Three‐Dimensional Crown Ether Covalent Organic Framework as Interphase Layer toward High‐Performance Lithium Metal Batteries

Abstract

The practical application of lithium (Li) metal batteries is inhibited by accumulative Li dendrites and continuous active Li consumption during cycling, which results in a low Coulombic efficiency and short lifetime. Constructing artificial solid‐electrolyte interphase (SEI) layer in Li anode, such as two‐dimensional covalent organic frameworks (COFs), is an effective strategy to restrain the formation of Li dendrites and improve cycling performance. However, the exploration of three‐dimensional (3D) COFs as protecting layers is rarely reported, because of the preconception that the interconnect pores in 3D COFs eventually cause Li dendrites in disordered direction. We demonstrate 3D crown ether based COF with ffc topology as interphase layer, in which the crown ether units are arranged in parallel and vertical orientation along the electrode.
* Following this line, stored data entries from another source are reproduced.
Theorem theorem2p11 (A B : pzRingType) (M : zmodType)
    (la : A -> M -> M) (ra : M -> B -> M)
    (hbim : is_bimodule la ra) (hfaith : bimod_faithful la ra)
    (h2A : two_torsion_free A) (h2B : two_torsion_free B)
    (phi : tri A B M -> tri A B M)
    (hadd : t_additive phi)
    (hphi : forall U V : tri A B M,
        tmul la ra U V = tzero A B M -> tmul la ra V U = tzero A B M ->
        tadd (tcirc la ra (phi U) V) (tcirc la ra U (phi V)) = tzero A B M) :
  (exists delta eta : tri A B M -> tri A B M,
      t_derivation la ra delta /\ t_multiplier la ra eta /\
      forall X, phi X = tadd (delta X) (eta X)) /\
  (phi (tone A B M) = tzero A B M -> t_derivation la ra phi).
Proof.
have hdelta := delta_derivation hbim hfaith h2A h2B hadd hphi.
have heta := eta_multiplier hbim hfaith h2A h2B hadd hphi.
have hdec := phi_decomposition hbim h2A h2B hadd hphi.
split; first by exists (delta la ra phi), (eta la ra phi).
exact: (derivation_of_decomposition hbim hdelta heta hdec).
Qed.
Lemma realizable_pnet_scalar a k S (Phi : pnet a 1) (phi : 'cV[R]_a -> R) :
  isANN Phi /\ (forall x, phi x = sc (realize Phi x)) ->
  (size (dims Phi) - 3 <= k)%N -> (supn (dims Phi) <= S)%N ->
  realizable a 1 k S (fun x => cst1 (phi x)).
Proof.
move=> [ann phi_eq] size_le supn_le; apply: realizable_pnet ann size_le supn_le _ => x.
by rewrite phi_eq scK.
Qed.

Lemma realizable_pnet_activation k S (Phi : pnet 1 1) (phi : R -> R) :
  isANN Phi /\ (forall y, phi y = sc (realize Phi (cst1 y))) ->
  (size (dims Phi) - 3 <= k)%N -> (supn (dims Phi) <= S)%N ->
  realizable 1 1 k S (fun v => cst1 (phi (sc v))).
Proof.
by move=> [ann phi_eq]; apply: realizable_pnet_scalar; split=> // v; rewrite phi_eq scK.
Qed.

Lemma realizable_scalar_family (I : Type) (P : I -> Prop) a k W (V : I -> 'cV[R]_a -> R) :
  (0 < a)%N -> (a <= W)%N ->
  (forall i, P i -> realizable a 1 k W (fun x => cst1 (V i x))) ->
  exists Phi : I -> pnet a 1, forall i, P i ->
    [/\ isANN (Phi i), dims (Phi i) = a :: nseq k.+1 W ++ [:: 1%N]
      & forall x, V i x = sc (realize (Phi i) x)].
Proof.
move=> a_gt0 a_le_W V_net.
have [N HN] : exists N : I -> unet a 1 W, forall i, P i ->
    size (hidden_layers (N i)) = k /\ forall x, unet_realize (N i) x = cst1 (V i x).
  apply: (functional_choice (fun i (Ni : unet a 1 W) => P i ->
    size (hidden_layers Ni) = k /\ forall x, unet_realize Ni x = cst1 (V i x))) => i.
  have [/V_net [Ni HNi]|notPi] := classic (P i); first by exists Ni.
  by exists (UNet (0, 0) [::] (0, 0)).
exists (fun i => pnet_of_unet (N i)) => i /HN [sizeN realizeN].
have dimsN : dims (pnet_of_unet (N i)) = a :: nseq k.+1 W ++ [:: 1%N].
  by rewrite dims_pnet_of_unet sizeN.
split=> // [|x]; first exact: isANN_uniform dimsN a_gt0 _ (leq_trans a_gt0 a_le_W).
by rewrite realize_pnet_of_unet realizeN cst1K.
Qed.
Lemma uniq_antipodal_cone S u v :
  is_vertex (hull S) u -> is_vertex (hull S) v ->
  (forall w, strictly_antipodal (hull S) v w -> w = u) ->
  (forall w, strictly_antipodal (hull S) u w -> w = v) ->
  cone_at (hull S) u = [set - x | x in cone_at (hull S) v].
Proof.
move=> u_vert v_vert v_partner u_partner; apply/seteqP.
split; first exact: uniq_antipodal_cone_sub.
move=> _ [x /(uniq_antipodal_cone_sub v_vert u_vert u_partner) [y yu <-] <-].
by rewrite opprK.
Qed.

(* [v - q] lies in [C(u) - u], so [dotp a (v - q)] is a nonnegative multiple
   of [dotp a (q' - u) <= 0], vanishing only when [q = v]. *)
Lemma opp_cone_exposed Q a u v : exposed Q a u -> Q v ->
  cone_at Q u = [set - x | x in cone_at Q v] -> exposed Q (- a) v.
Proof.
move=> u_exp Qv cone_eq; split=> // q Qq qv; rewrite !dotpNl ltrN2.
have /cone_atP[lam [q' [lam_ge0 Qq' def_vq]]] : cone_at Q u (v - q).
  rewrite cone_eq; exists (q - v); last by rewrite opprB.
  by apply/cone_atP; exists 1, q; rewrite scale1r.
have vq_neq0 : v - q != 0 by rewrite subr_eq0; apply/eqP/nesym.
have [lam0|lam_neq0] := eqVneq lam 0.
  by move: vq_neq0; rewrite def_vq lam0 scale0r eqxx.
have [q'u|/eqP q'u] := eqVneq q' u.
  by move: vq_neq0; rewrite def_vq q'u subrr scaler0 eqxx.
rewrite -subr_lt0 -dotpBr def_vq dotpZr dotpBr pmulr_rlt0; last first.
  by rewrite lt_def lam_neq0.
by rewrite subr_lt0; apply: u_exp.2.
Qed.

Lemma opp_cone_antipodal_eq Q u v w :
  cone_at Q u = [set - x | x in cone_at Q v] -> Q v ->
  strictly_antipodal Q u w -> w = v.
Proof.
move=> cone_eq Qv /strictly_antipodalP[_ [a [u_exp w_exp]]].
exact: exposed_uniq w_exp (opp_cone_exposed u_exp Qv cone_eq).
Qed.

End ConeSymmetry.

Lemma sum_nat_of_bool (I : Type) (s : seq I) (P : pred I) :
  (\sum_(p <- s) P p = count P s)%N.
Proof. by elim: s => [|x s IH]; rewrite ?big_nil ?big_cons ?IH. Qed.

Section Matching.
Local Open Scope fset_scope.
Local Open Scope nat_scope.
Variables (T : choiceType) (V : {fset T}) (E : T -> T -> Prop).
Hypotheses (E_sym : forall u v, E u v -> E v u) (E_irr : forall u v, E u v -> u <> v).

Definition edge_pairs := [fset [fset u; v] | u in V, v in V & `[< E u v >]].

Lemma edge_pairsP p :
  p \in edge_pairs <-> exists u v, [/\ u \in V, v \in V, E u v & p = [fset u; v]].
Proof.
split=> [/imfset2P[u uV [v]]|[u [v [uV vV Euv ->]]]].
  by rewrite !inE /= => /andP[vV /asboolP Euv] ->; exists u, v.
by apply/imfset2P; exists u => //; exists v; rewrite // !inE /= vV; apply/asboolP.
Qed.

Definition degree u := count (fun p : {fset T} => u \in p) edge_pairs.

Lemma sum_degree : \sum_(u <- V) degree u = 2 * #|` edge_pairs|.
Proof.
under eq_bigr do rewrite /degree -sum_nat_of_bool.
rewrite exchange_big /=; transitivity (\sum_(p <- edge_pairs) 2).
  apply: eq_big_seq => p /edge_pairsP[u [v [uV vV /E_irr/eqP uv ->]]].
  transitivity (count_mem u V + count_mem v V).
    rewrite -!sum_nat_of_bool -big_split /=; apply: eq_bigr => w _.
    by rewrite !inE; case: (eqVneq w u) => [->|]; rewrite ?(negPf uv).
  by rewrite !count_uniq_mem ?fset_uniq // uV vV.
by rewrite big_const_seq count_predT iter_addn_0 mulnC.
Qed.

Lemma degree_gt0 u v : u \in V -> v \in V -> E u v -> 0 < degree u.
Proof.
move=> uV vV Euv; rewrite -has_count; apply/hasP; exists [fset u; v].
  by apply/edge_pairsP; exists u, v.
by rewrite !inE eqxx.
Qed.

Lemma degree_gt1 u v w : u \in V -> v \in V -> w \in V ->
  E u v -> E u w -> v <> w -> 1 < degree u.
Proof.
move=> uV vV wV Euv Euw vw; rewrite /degree -size_filter.
have -> : 2 = size [:: [fset u; v]; [fset u; w]] by [].
apply: uniq_leq_size.
  rewrite /= andbT inE; apply/eqP => uv_uw; apply: vw.
  have : w \in [fset u; v] by rewrite uv_uw !inE eqxx orbT.
  by rewrite !inE => /orP[/eqP wu|/eqP //]; case: (E_irr Euw).
move=> p; rewrite !inE mem_filter => /orP[] /eqP ->; rewrite !inE eqxx /=.
  by apply/edge_pairsP; exists u, v.
by apply/edge_pairsP; exists u, w.
Qed.

Lemma degree_eq1 u v : u \in V -> v \in V -> E u v ->
  (forall w, w \in V -> E u w -> w = v) -> degree u = 1.
Proof.
move=> uV vV Euv partner_u.
have uv_pair : [fset u; v] \in edge_pairs by apply/edge_pairsP; exists u, v.
transitivity (count_mem [fset u; v] edge_pairs); last first.
  by rewrite count_uniq_mem ?fset_uniq // uv_pair.
apply: eq_in_count => p /edge_pairsP[a [b [aV bV Eab ->]]] /=.
apply/idP/eqP => [|->]; last by rewrite !inE eqxx.
rewrite !inE => /orP[/eqP ua|/eqP ub]; subst u.
  by rewrite (partner_u b bV Eab).
by rewrite (partner_u a aV (E_sym Eab)) fsetUC.
Qed.

(* Handshake count: with no isolated vertex, equality holds exactly when [E]
   is a perfect matching of [V]. *)
Lemma card_edge_pairs_uniq (has_partner : forall u, u \in V -> exists2 v, v \in V & E u v) :
  2 * #|` edge_pairs| = #|` V| <->
  forall u v w, u \in V -> v \in V -> w \in V -> E u v -> E u w -> v = w.
Proof.
have deg_gt0 u : u \in V -> 0 < degree u.
  by move=> /[dup] uV /has_partner[v vV Euv]; apply: degree_gt0 Euv.
have deg_split : \sum_(u <- V) degree u = #|` V| + \sum_(u <- V) (degree u).-1.
  rewrite -sum1_size -big_split /=; apply: eq_big_seq => u uV.
  by rewrite add1n prednK ?deg_gt0.
rewrite -sum_degree deg_split -[X in _ = X <-> _]addn0.
split=> [/eqP|partner_uniq].
  rewrite eqn_add2l sum_nat_seq_eq0 => /allP deg_le1 u v w uV vV wV Euv Euw.
  apply: contrapT => vw; have := deg_le1 u uV.
  by rewrite /= -subn1 subn_eq0 leqNgt (degree_gt1 uV vV wV Euv Euw vw).
apply/eqP; rewrite eqn_add2l sum_nat_seq_eq0; apply/allP => u uV.
have [v vV Euv] := has_partner u uV.
by rewrite (degree_eq1 uV vV Euv) // => w wV Euw; apply: partner_uniq Euw Euv.
Qed.

End Matching.

Section LocalPointSymmetry.
Variables (R : realFieldType) (D : nat) (S : seq 'rV[R]_D) (V : {fset 'rV[R]_D}).
Let Q := hull S.
Hypothesis vertexP : forall v, is_vertex Q v <-> v \in V.

Let antipodal_in_V u v : strictly_antipodal Q u v -> v \in V.
Proof. by move/strictly_antipodal_vertex/vertexP. Qed.

Lemma lps_antipodal_partner : locally_point_symmetric Q V ->
  (forall u, u \in V -> exists2 v, v \in V & strictly_antipodal Q u v) /\
  (forall u v w, u \in V -> v \in V -> w \in V ->
     strictly_antipodal Q u v -> strictly_antipodal Q u w -> v = w).
Proof.
case=> p pP; split=> [u /pP[pV _ _ Eup _]|u v w /pP[pV _ _ _ cone_u] _ _].
  by exists (p u).
have Qpu : Q (p u) by have [] := (vertexP (p u)).2 pV.
rewrite opp_cone_atE in cone_u.
by move=> /(opp_cone_antipodal_eq cone_u Qpu) -> /(opp_cone_antipodal_eq cone_u Qpu).
Qed.

Lemma antipodal_partner_even : ~~ odd #|` V| ->
  forall u, u \in V -> exists2 v, v \in V & strictly_antipodal Q u v.
Proof.
move=> V_even u uV; have u_vert := (vertexP u).2 uV.
case: (vertex_antipodal_partner u_vert) => [[v Euv]|Q_u].
  by exists v; first exact: antipodal_in_V Euv.
suff V1 : V = [fset u]%fset by move: V_even; rewrite V1 cardfs1.
apply/fsetP => v; rewrite inE; apply/idP/eqP => [/vertexP[Qv _]|->//].
exact: Q_u.
Qed.

Lemma uniq_antipodal_partner_lps :
  (forall u, u \in V -> exists2 v, v \in V & strictly_antipodal Q u v) ->
  (forall u v w, u \in V -> v \in V -> w \in V ->
     strictly_antipodal Q u v -> strictly_antipodal Q u w -> v = w) ->
  locally_point_symmetric Q V.
Proof.
move=> has_partner partner_uniq.
have /choice[p pP] : forall u, exists v, u \in V -> v \in V /\ strictly_antipodal Q u v.
  move=> u; have [/has_partner[v vV Euv]|uV] := boolP (u \in V); first by exists v.
  by exists u.
exists p => u uV; have [pV Eup] := pP u uV; have [ppV Epp] := pP (p u) pV.
have Epu := strictly_antipodal_sym Eup.
have partner_p w : strictly_antipodal Q (p u) w -> w = u.
  by move=> Epw; have wV := antipodal_in_V Epw; apply: partner_uniq Epw Epu.
have partner_u w : strictly_antipodal Q u w -> w = p u.
  by move=> Euw; have wV := antipodal_in_V Euw; apply: partner_uniq Euw Eup.
split=> //; first by apply/eqP => /esym; case/strictly_antipodalP: Eup.
- exact: partner_p.
- rewrite opp_cone_atE; apply: uniq_antipodal_cone => //; exact/vertexP.
Qed.

End LocalPointSymmetry.

Theorem lemma6 (R : realType) (D : nat) (Q : set 'rV[R]_D) (V : {fset 'rV[R]_D}) :
  is_polytope Q ->
  full_dim Q ->
  (forall v, is_vertex Q v <-> v \in V) ->
  locally_point_symmetric Q V <->
  (2 * #|` antipodal_pairs Q V| = #|` V|)%N.
Proof.
move=> [S ->] _ vertexP.
have -> : antipodal_pairs (hull S) V = edge_pairs V (strictly_antipodal (hull S)).
  by [].
have E_irr u v : strictly_antipodal (hull S) u v -> u <> v.
  by case/strictly_antipodalP.
have card_pairsE := card_edge_pairs_uniq (@strictly_antipodal_sym _ _ _) E_irr.
split=> [/(lps_antipodal_partner vertexP)[has_partner partner_uniq]|card_V].
  exact/(card_pairsE _ has_partner).
have V_even : ~~ odd #|` V| by rewrite -card_V oddM.
have has_partner := antipodal_partner_even vertexP V_even.
apply: (uniq_antipodal_partner_lps vertexP has_partner).
exact/(card_pairsE _ has_partner).
Qed.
The strong coupling effect between the crown ether and Li⁺ accelerates Li⁺ diffusion kinetics and enables homogeneous Li⁺ flux, resulting in a high Li⁺ transference number of 0.85 and smooth Li deposition in 3D direction. Li/COF‐Cu cells display a lower Li‐nucleation overpotential (17.4 mV) and high average Coulombic efficiency of ∼98.6% during 340 cycles with COF incorporation. This work gives us a new insight into designing COFs for energy storage systems.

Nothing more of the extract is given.